**REQUIREMENT**. Look below for the line holding "by rewrite exprMn" and the line holding "by rewrite -exprD subnK // -ltnS.". Repeat those two and everything between, exactly.

━━━━━━━━━━

(* The function $U(n)=\sum_{j=1}^n\frac{1}{j^2}$ of the positive integer variable $n$ is a transcendental function in $n$ over $\overline{\mathbb{Q}}$.
   Context: $\overline{\mathbb{Q}}\subseteq\mathbb{C}$ denotes the field of algebraic numbers. A function $f(n)$ of the positive integer variable $n$ is an algebraic function over a subfield $K\subseteq\mathbb{C}$ if there exist polynomials $q_0,\dots,q_k\in K[n]$ with $q_k\neq 0$ such that $q_k(n)f(n)^k+\cdots+q_1(n)f(n)+q_0(n)=0$ for all positive integers $n$; otherwise $f$ is a transcendental function over $K$. *)

(* Qbar (the field of algebraic numbers inside C) is modelled
   by mathcomp's [algC], the algebraic closure of Q with conjugation. *)
From HB Require Import structures.
From mathcomp Require Import all_boot all_order all_algebra all_field.
Set Implicit Arguments. Unset Strict Implicit. Unset Printing Implicit Defensive.
Import Order.TTheory GRing.Theory Num.Theory.
Local Open Scope ring_scope.

(* f : positive integers -> algC (values at n = 0 are irrelevant).
   f is algebraic over Qbar iff there are k and polynomials q_0..q_k in Qbar[n]
   with q_k <> 0 and  sum_{i<=k} q_i(n) f(n)^i = 0  for all positive integers n. *)
Definition algebraic_fun (f : nat -> algC) : Prop :=
  exists (k : nat) (q : nat -> {poly algC}),
    q k != 0 /\
    forall n : nat, (0 < n)%N ->
      \sum_(i < k.+1) (q i).[n%:R] * f n ^+ i = 0.

Definition transcendental_fun (f : nat -> algC) : Prop := ~ algebraic_fun f.

Definition U (n : nat) : algC := \sum_(1 <= j < n.+1) (j%:R ^+ 2)^-1.

(* If F(n, U n) = 0 for all n > 0, with F of least degree k in the second
   variable, then so does a^k F(X + 1, Y + 1/a), a = (X + 1)^2, because
   U (n + 1) = U n + 1/(n + 1)^2.  Eliminating the leading coefficient between
   the two annihilators leaves one of smaller degree, hence zero, and its next
   coefficient says that the two leading coefficients Q, P of F satisfy
   P/Q - (P/Q)(X + 1) = k/(X + 1)^2.  Telescoping 2j times gives
   P/Q - (P/Q)(X + 2j) = k (1/(X + 1)^2 + ... + 1/(X + 2j)^2), which is absurd at
   X = -j, where only the right-hand side has a pole. *)

From mathcomp Require Import all_boot all_order all_algebra all_field.
From mathcomp Require Import ring.

Set Implicit Arguments.
Unset Strict Implicit.
Unset Printing Implicit Defensive.

Import Order.TTheory GRing.Theory Num.Theory.
Local Open Scope ring_scope.

Local Notation "p ^> x" := (p \Po ('X + x%:P)) (at level 2, format "p ^> x").

Section NaturalRoots.
Variable R : numDomainType.
Implicit Type p : {poly R}.

Lemma poly_nat_nonroot p : p != 0 -> exists2 n, (0 < n)%N & ~~ root p n%:R.
Proof.
move=> p0; pose rs := [seq i.+1%:R | i <- iota 0 (size p)] : seq R.
have /hasP[_ /mapP[i _ ->] pi] : has (predC (root p)) rs.
  rewrite has_predC; apply: contra p0 => /roots_geq_poly_eq0 -> //.
    by rewrite map_inj_uniq ?iota_uniq // => i j /eqP; rewrite eqr_nat => /eqP[].
  by rewrite size_map size_iota.
by exists i.+1.
Qed.

Lemma poly_eq0_nat_roots p : (forall n, (0 < n)%N -> p.[n%:R] = 0) -> p = 0.
Proof.
move=> p_nat0; apply/eqP; apply: contraT => /poly_nat_nonroot[n n_gt0].
by rewrite rootE p_nat0 ?eqxx.
Qed.

End NaturalRoots.

Section InverseSquareSum.
Variable R : numDomainType.

(* [isq_num N / isq_den N] is [\sum_(1 <= j <= N) 1 / ('X + j)^2]. *)
Fixpoint isq_den N : {poly R} :=
  if N is M.+1 then isq_den M * ('X + N%:R%:P) ^+ 2 else 1.

Fixpoint isq_num N : {poly R} :=
  if N is M.+1 then isq_num M * ('X + N%:R%:P) ^+ 2 + isq_den M else 0.

Lemma isq_denS N : isq_den N.+1 = isq_den N * ('X + N.+1%:R%:P) ^+ 2.
Proof. by []. Qed.

Lemma isq_numS N : isq_num N.+1 = isq_num N * ('X + N.+1%:R%:P) ^+ 2 + isq_den N.
Proof. by []. Qed.

Lemma horner_sqr_XaddC_nat (i j : nat) :
  (('X + i%:R%:P) ^+ 2).[- j%:R] == 0 :> R = (i == j).
Proof. by rewrite horner_exp hornerD hornerX hornerC sqrf_eq0 addrC subr_eq0 eqr_nat. Qed.

Lemma isq_den_root N j : (0 < j <= N)%N -> (isq_den N).[- j%:R] = 0.
Proof.
elim: N => [|N IH] /andP[j_gt0]; first by rewrite leqn0 => /eqP j0; rewrite j0 in j_gt0.
rewrite leq_eqVlt ltnS isq_denS hornerM => /orP[/eqP->|jN].
  have /eqP-> : (('X + N.+1%:R%:P) ^+ 2).[- N.+1%:R] == 0 :> R
    by rewrite horner_sqr_XaddC_nat.
  by rewrite mulr0.
by rewrite IH ?mul0r ?j_gt0.
Qed.

Lemma isq_den_nonroot N j : (N < j)%N -> (isq_den N).[- j%:R] != 0.
Proof.
elim: N => [|N IH] jN; first by rewrite hornerC oner_eq0.
rewrite isq_denS hornerM mulf_neq0 ?IH ?horner_sqr_XaddC_nat ?(ltnW jN) //.
by rewrite neq_ltn jN.
Qed.

Lemma isq_num_nonroot N j : (0 < j <= N)%N -> (isq_num N).[- j%:R] != 0.
Proof.
elim: N => [|N IH] /andP[j_gt0]; first by rewrite leqn0 => /eqP j0; rewrite j0 in j_gt0.
rewrite leq_eqVlt ltnS isq_numS hornerD hornerM => /orP[/eqP->|jN].
  have /eqP-> : (('X + N.+1%:R%:P) ^+ 2).[- N.+1%:R] == 0 :> R
    by rewrite horner_sqr_XaddC_nat.
  by rewrite mulr0 add0r isq_den_nonroot.
rewrite isq_den_root ?j_gt0 // addr0 mulf_neq0 ?IH ?j_gt0 ?horner_sqr_XaddC_nat //.
by rewrite neq_ltn ltnS jN orbT.
Qed.

End InverseSquareSum.

Section InverseSquareAntidifference.
Variable R : numDomainType.
Variables (P Q : {poly R}) (c : R).
Hypothesis Q_neq0 : Q != 0.

(* Cleared of denominators, [P/Q - (P/Q)(X + 1) = c / (X + 1)^2]. *)
Hypothesis antidiff :
  Q ^> 1 * ('X + 1) ^+ 2 * P = Q * (('X + 1) ^+ 2 * P ^> 1 + c%:P * Q ^> 1).

Lemma shift_polyD (p : {poly R}) x y : (p ^> x) ^> y = p ^> (y + x).
Proof. by rewrite -comp_polyA comp_polyD comp_polyX comp_polyC rmorphD addrA. Qed.

Lemma antidiff_shift x :
  Q ^> (x + 1) * ('X + (x + 1)%:P) ^+ 2 * P ^> x
  = Q ^> x * (('X + (x + 1)%:P) ^+ 2 * P ^> (x + 1) + c%:P * Q ^> (x + 1)).
Proof.
have := congr1 (comp_poly ('X + x%:P)) antidiff.
by rewrite !(comp_polyM, comp_polyD, comp_polyC, comp_polyX, rmorphXn) /=
  !shift_polyD -addrA -polyCD.
Qed.

Lemma isq_telescope N :
  (P * Q ^> N%:R - P ^> N%:R * Q) * isq_den R N = c%:P * Q * Q ^> N%:R * isq_num R N.
Proof.
elim: N => [|N IH].
  by rewrite /= mulr0n polyC0 addr0 !comp_polyXr; ring.
have QN_neq0 : Q ^> N%:R != 0 by rewrite comp_poly2_eq0 ?size_XaddC.
have := antidiff_shift N%:R; rewrite natr1 isq_denS isq_numS.
set s := ('X + _) ^+ 2 => antidiffN.
apply: (mulIf QN_neq0).
have QN1P : Q ^> N%:R * s * P ^> N.+1%:R
    = Q ^> N.+1%:R * s * P ^> N%:R - c%:P * Q ^> N%:R * Q ^> N.+1%:R.
  by rewrite antidiffN; ring.
transitivity (P * Q ^> N.+1%:R * isq_den R N * s * Q ^> N%:R
              - Q * isq_den R N * (Q ^> N%:R * s * P ^> N.+1%:R)); first by ring.
rewrite QN1P.
transitivity (Q ^> N.+1%:R * s * ((P * Q ^> N%:R - P ^> N%:R * Q) * isq_den R N)
              + c%:P * Q * Q ^> N%:R * Q ^> N.+1%:R * isq_den R N); first by ring.
by rewrite IH; ring.
Qed.
End InverseSquareAntidifference.

Lemma invsq_no_rational_antidifference (R : numDomainType) (P Q : {poly R}) (c : R) :
  Q != 0 -> c != 0 ->
  Q ^> 1 * ('X + 1) ^+ 2 * P != Q * (('X + 1) ^+ 2 * P ^> 1 + c%:P * Q ^> 1).
Proof.
move=> Q_neq0 c_neq0; apply/eqP => antidiff.
have sizeNX : size (- 'X : {poly R}) = 2 by rewrite size_opp size_polyX.
have [j j_gt0] : exists2 j, (0 < j)%N & ~~ root (Q * (Q \Po - 'X)) j%:R.
  by apply: poly_nat_nonroot; rewrite mulf_neq0 ?comp_poly2_eq0.
rewrite rootE hornerM horner_comp hornerN hornerX mulf_eq0 negb_or => /andP[Qj QNj].
have := congr1 (horner^~ (- j%:R)) (isq_telescope Q_neq0 antidiff (j + j)).
rewrite /= hornerM isq_den_root ?j_gt0 ?leq_addl // mulr0 => /esym/eqP.
apply/negP; rewrite !hornerM hornerC horner_comp !hornerE natrD addKr.
by rewrite !mulf_neq0 ?isq_num_nonroot ?j_gt0 ?leq_addl.
Qed.

Lemma horner2E (R : comNzRingType) (F : {poly {poly R}}) x y s :
  (size F <= s)%N -> F.[y, x] = \sum_(i < s) (F`_i).[x] * y ^+ i.
Proof.
move=> sizeF; rewrite (horner_coef_wide _ sizeF) horner_sum.
by apply: eq_bigr => i _; rewrite hornerM horner_exp hornerC.
Qed.

Lemma coef_expCXadd1 (R : comNzRingType) (b : R) i j :
  ((b%:P * 'X + 1) ^+ i)`_j = b ^+ j *+ 'C(i, j).
Proof.
rewrite exprD1n (_ : \sum_(l < i.+1) _ = \poly_(l < i.+1) (b ^+ l *+ 'C(i, l))).
  by rewrite coef_poly ltnS; case: leqP => // ij; rewrite bin_small ?mulr0n.
rewrite poly_def; apply: eq_bigr => l _.
by rewrite exprMn -rmorphXn mul_polyC scalerMnl.
Qed.

Lemma U_S n : U n.+1 = U n + (n.+1%:R ^+ 2)^-1.
Proof. by rewrite /U big_nat_recr. Qed.

Local Notation a := (('X + 1) ^+ 2 : {poly algC}).
Implicit Types F : {poly {poly algC}}.

(* [a ^+ k * F(X + 1, Y + 1 / a)], the denominators of [U n.+1 = U n + 1 / (n + 1)^2]
   cleared. *)
Definition shiftU k (F : {poly {poly algC}}) : {poly {poly algC}} :=
  \sum_(i < k.+1) ((F`_i) ^> 1 * a ^+ (k - i))%:P * (a%:P * 'X + 1) ^+ i.

Lemma horner2_shiftU k F n : (size F <= k.+1)%N ->
  (shiftU k F).[U n, n%:R] = (n.+1%:R ^+ 2) ^+ k * F.[U n.+1, n.+1%:R].
Proof.
move=> sizeF; rewrite (horner2E _ _ sizeF) mulr_sumr !horner_sum.
apply: eq_bigr => i _; rewrite hornerCM hornerM horner_exp.
rewrite !(hornerE, horner_comp) U_S -natr1.
set t := n%:R + 1 : algC; have t_neq0 : t != 0 by rewrite /t natr1 pnatr_eq0.
rewrite (_ : t ^+ 2 * U n + 1 = t ^+ 2 * (U n + (t ^+ 2)^-1)); last by field.
have -> : (t ^+ 2) ^+ k = (t ^+ 2) ^+ (k - i) * (t ^+ 2) ^+ i.
  by rewrite -exprD subnK // -ltnS.
by rewrite [(t ^+ 2 * _) ^+ i]exprMn -[RHS]/(_ * _ * _); ring.
Qed.

Lemma coef_shiftU k F j :
  (shiftU k F)`_j = \sum_(i < k.+1) (F`_i) ^> 1 * a ^+ (k - i) * (a ^+ j *+ 'C(i, j)).
Proof. by rewrite coef_sum; apply: eq_bigr => i _; rewrite coefCM coef_expCXadd1. Qed.

Lemma size_shiftU k F : (size (shiftU k F) <= k.+1)%N.
Proof.
apply/leq_sizeP => j kj; rewrite coef_shiftU big1 // => i _.
by rewrite bin_small ?mulr0n ?mulr0 // (leq_trans (ltn_ord i)).
Qed.

Lemma coef_shiftU_top k F : (shiftU k F)`_k = (F`_k) ^> 1 * a ^+ k.
Proof.
rewrite coef_shiftU big_ord_recr /= big1 ?add0r; last first.
  by move=> i _; rewrite bin_small ?mulr0n ?mulr0.
by rewrite subnn binn expr0 mulr1.
Qed.

Lemma coef_shiftU_next k F :
  (shiftU k.+1 F)`_k = ((F`_k) ^> 1 * a + (F`_k.+1) ^> 1 *+ k.+1) * a ^+ k.
Proof.
rewrite coef_shiftU !big_ord_recr big1 /= ?add0r; last first.
  by move=> i _; rewrite bin_small ?mulr0n ?mulr0.
by rewrite subnn subSnn binn binSn; ring.
Qed.

Definition reduceU k (F : {poly {poly algC}}) : {poly {poly algC}} :=
  ((shiftU k F)`_k)%:P * F - (F`_k)%:P * shiftU k F.

Lemma size_reduceU k F : (size F <= k.+1)%N -> (size (reduceU k F) <= k)%N.
Proof.
move=> sizeF; apply/leq_sizeP => j kj; rewrite coefB !coefCM.
case: (ltngtP j k) kj => // [kj _ | -> _]; last by rewrite mulrC subrr.
rewrite [F`_j]nth_default ?[(shiftU k F)`_j]nth_default ?mulr0 ?subr0 //.
  exact: leq_trans (size_shiftU k F) kj.
exact: leq_trans sizeF kj.
Qed.

Lemma horner2_reduceU k F :
  (size F <= k.+1)%N -> (forall n, (0 < n)%N -> F.[U n, n%:R] = 0) ->
  forall n, (0 < n)%N -> (reduceU k F).[U n, n%:R] = 0.
Proof.
move=> sizeF F_U0 n n_gt0; rewrite !(hornerD, hornerN, hornerCM, hornerM).
by rewrite F_U0 // horner2_shiftU // F_U0 ?mulr0 ?subr0.
Qed.

Lemma coef_reduceU_next m F : (reduceU m.+1 F)`_m =
  ((F`_m.+1) ^> 1 * a * F`_m
     - F`_m.+1 * (a * (F`_m) ^> 1 + (m.+1%:R)%:P * (F`_m.+1) ^> 1)) * a ^+ m.
Proof.
rewrite coefB !coefCM coef_shiftU_top coef_shiftU_next.
by rewrite rmorph_nat -mulr_natl exprS; ring.
Qed.

Lemma horner2_U_eq0 F : (forall n, (0 < n)%N -> F.[U n, n%:R] = 0) -> F = 0.
Proof.
have [s] := ubnP (size F); elim: s F => // s IH F; rewrite ltnS => sizeF F_U0.
have [//|F_neq0] := eqVneq F 0; exfalso.
have : F`_(size F).-1 != 0 by rewrite -lead_coefE lead_coef_eq0.
have [k sizeFk] : exists k, size F = k.+1.
  by exists (size F).-1; rewrite prednK // size_poly_gt0.
rewrite sizeFk /=; case: k sizeFk => [|m] sizeFk lead_neq0.
  apply: (negP lead_neq0); apply/eqP/poly_eq0_nat_roots => n /F_U0.
  by rewrite (horner2E _ _ (eq_leq sizeFk)) big_ord1 expr0 mulr1.
have sizeF1 : (size F <= m.+2)%N by rewrite sizeFk.
have reduceF0 : reduceU m.+1 F = 0.
  apply: IH; first by rewrite (leq_ltn_trans (size_reduceU sizeF1)) // -sizeFk.
  exact: horner2_reduceU.
have := congr1 (coefp m) reduceF0; rewrite /= coef_reduceU_next coef0 => /eqP.
have a_neq0 : a != 0 by rewrite expf_neq0 // -size_poly_eq0 -polyC1 size_XaddC.
rewrite mulf_eq0 (negbTE (expf_neq0 m a_neq0)) orbF subr_eq0.
by apply/negP/invsq_no_rational_antidifference; rewrite ?pnatr_eq0.
Qed.

Theorem mainTheorem12 : transcendental_fun U.
Proof.
move=> [k [q [qk_neq0 q_U0]]].
pose F : {poly {poly algC}} := \poly_(i < k.+1) q i.
have F0 : F = 0.
  apply: horner2_U_eq0 => n n_gt0; rewrite -(q_U0 n n_gt0).
  by rewrite (horner2E _ _ (size_poly _ _)); apply: eq_bigr => i _; rewrite coef_poly ltn_ord.
have := congr1 (coefp k) F0; rewrite /= coef_poly ltnSn coef0 => qk0.
by rewrite qk0 eqxx in qk_neq0.
Qed.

━━━━━━━━━━

**ANSWER SECTION**.
by rewrite exprMn -rmorphXn mul_polyC scalerMnl.
Qed.

Lemma U_S n : U n.+1 = U n + (n.+1%:R ^+ 2)^-1.
Proof. by rewrite /U big_nat_recr. Qed.

Local Notation a := (('X + 1) ^+ 2 : {poly algC}).
Implicit Types F : {poly {poly algC}}.

(* [a ^+ k * F(X + 1, Y + 1 / a)], the denominators of [U n.+1 = U n + 1 / (n + 1)^2]
   cleared. *)
Definition shiftU k (F : {poly {poly algC}}) : {poly {poly algC}} :=
  \sum_(i < k.+1) ((F`_i) ^> 1 * a ^+ (k - i))%:P * (a%:P * 'X + 1) ^+ i.

Lemma horner2_shiftU k F n : (size F <= k.+1)%N ->
  (shiftU k F).[U n, n%:R] = (n.+1%:R ^+ 2) ^+ k * F.[U n.+1, n.+1%:R].
Proof.
move=> sizeF; rewrite (horner2E _ _ sizeF) mulr_sumr !horner_sum.
apply: eq_bigr => i _; rewrite hornerCM hornerM horner_exp.
rewrite !(hornerE, horner_comp) U_S -natr1.
set t := n%:R + 1 : algC; have t_neq0 : t != 0 by rewrite /t natr1 pnatr_eq0.
rewrite (_ : t ^+ 2 * U n + 1 = t ^+ 2 * (U n + (t ^+ 2)^-1)); last by field.
have -> : (t ^+ 2) ^+ k = (t ^+ 2) ^+ (k - i) * (t ^+ 2) ^+ i.
  by rewrite -exprD subnK // -ltnS.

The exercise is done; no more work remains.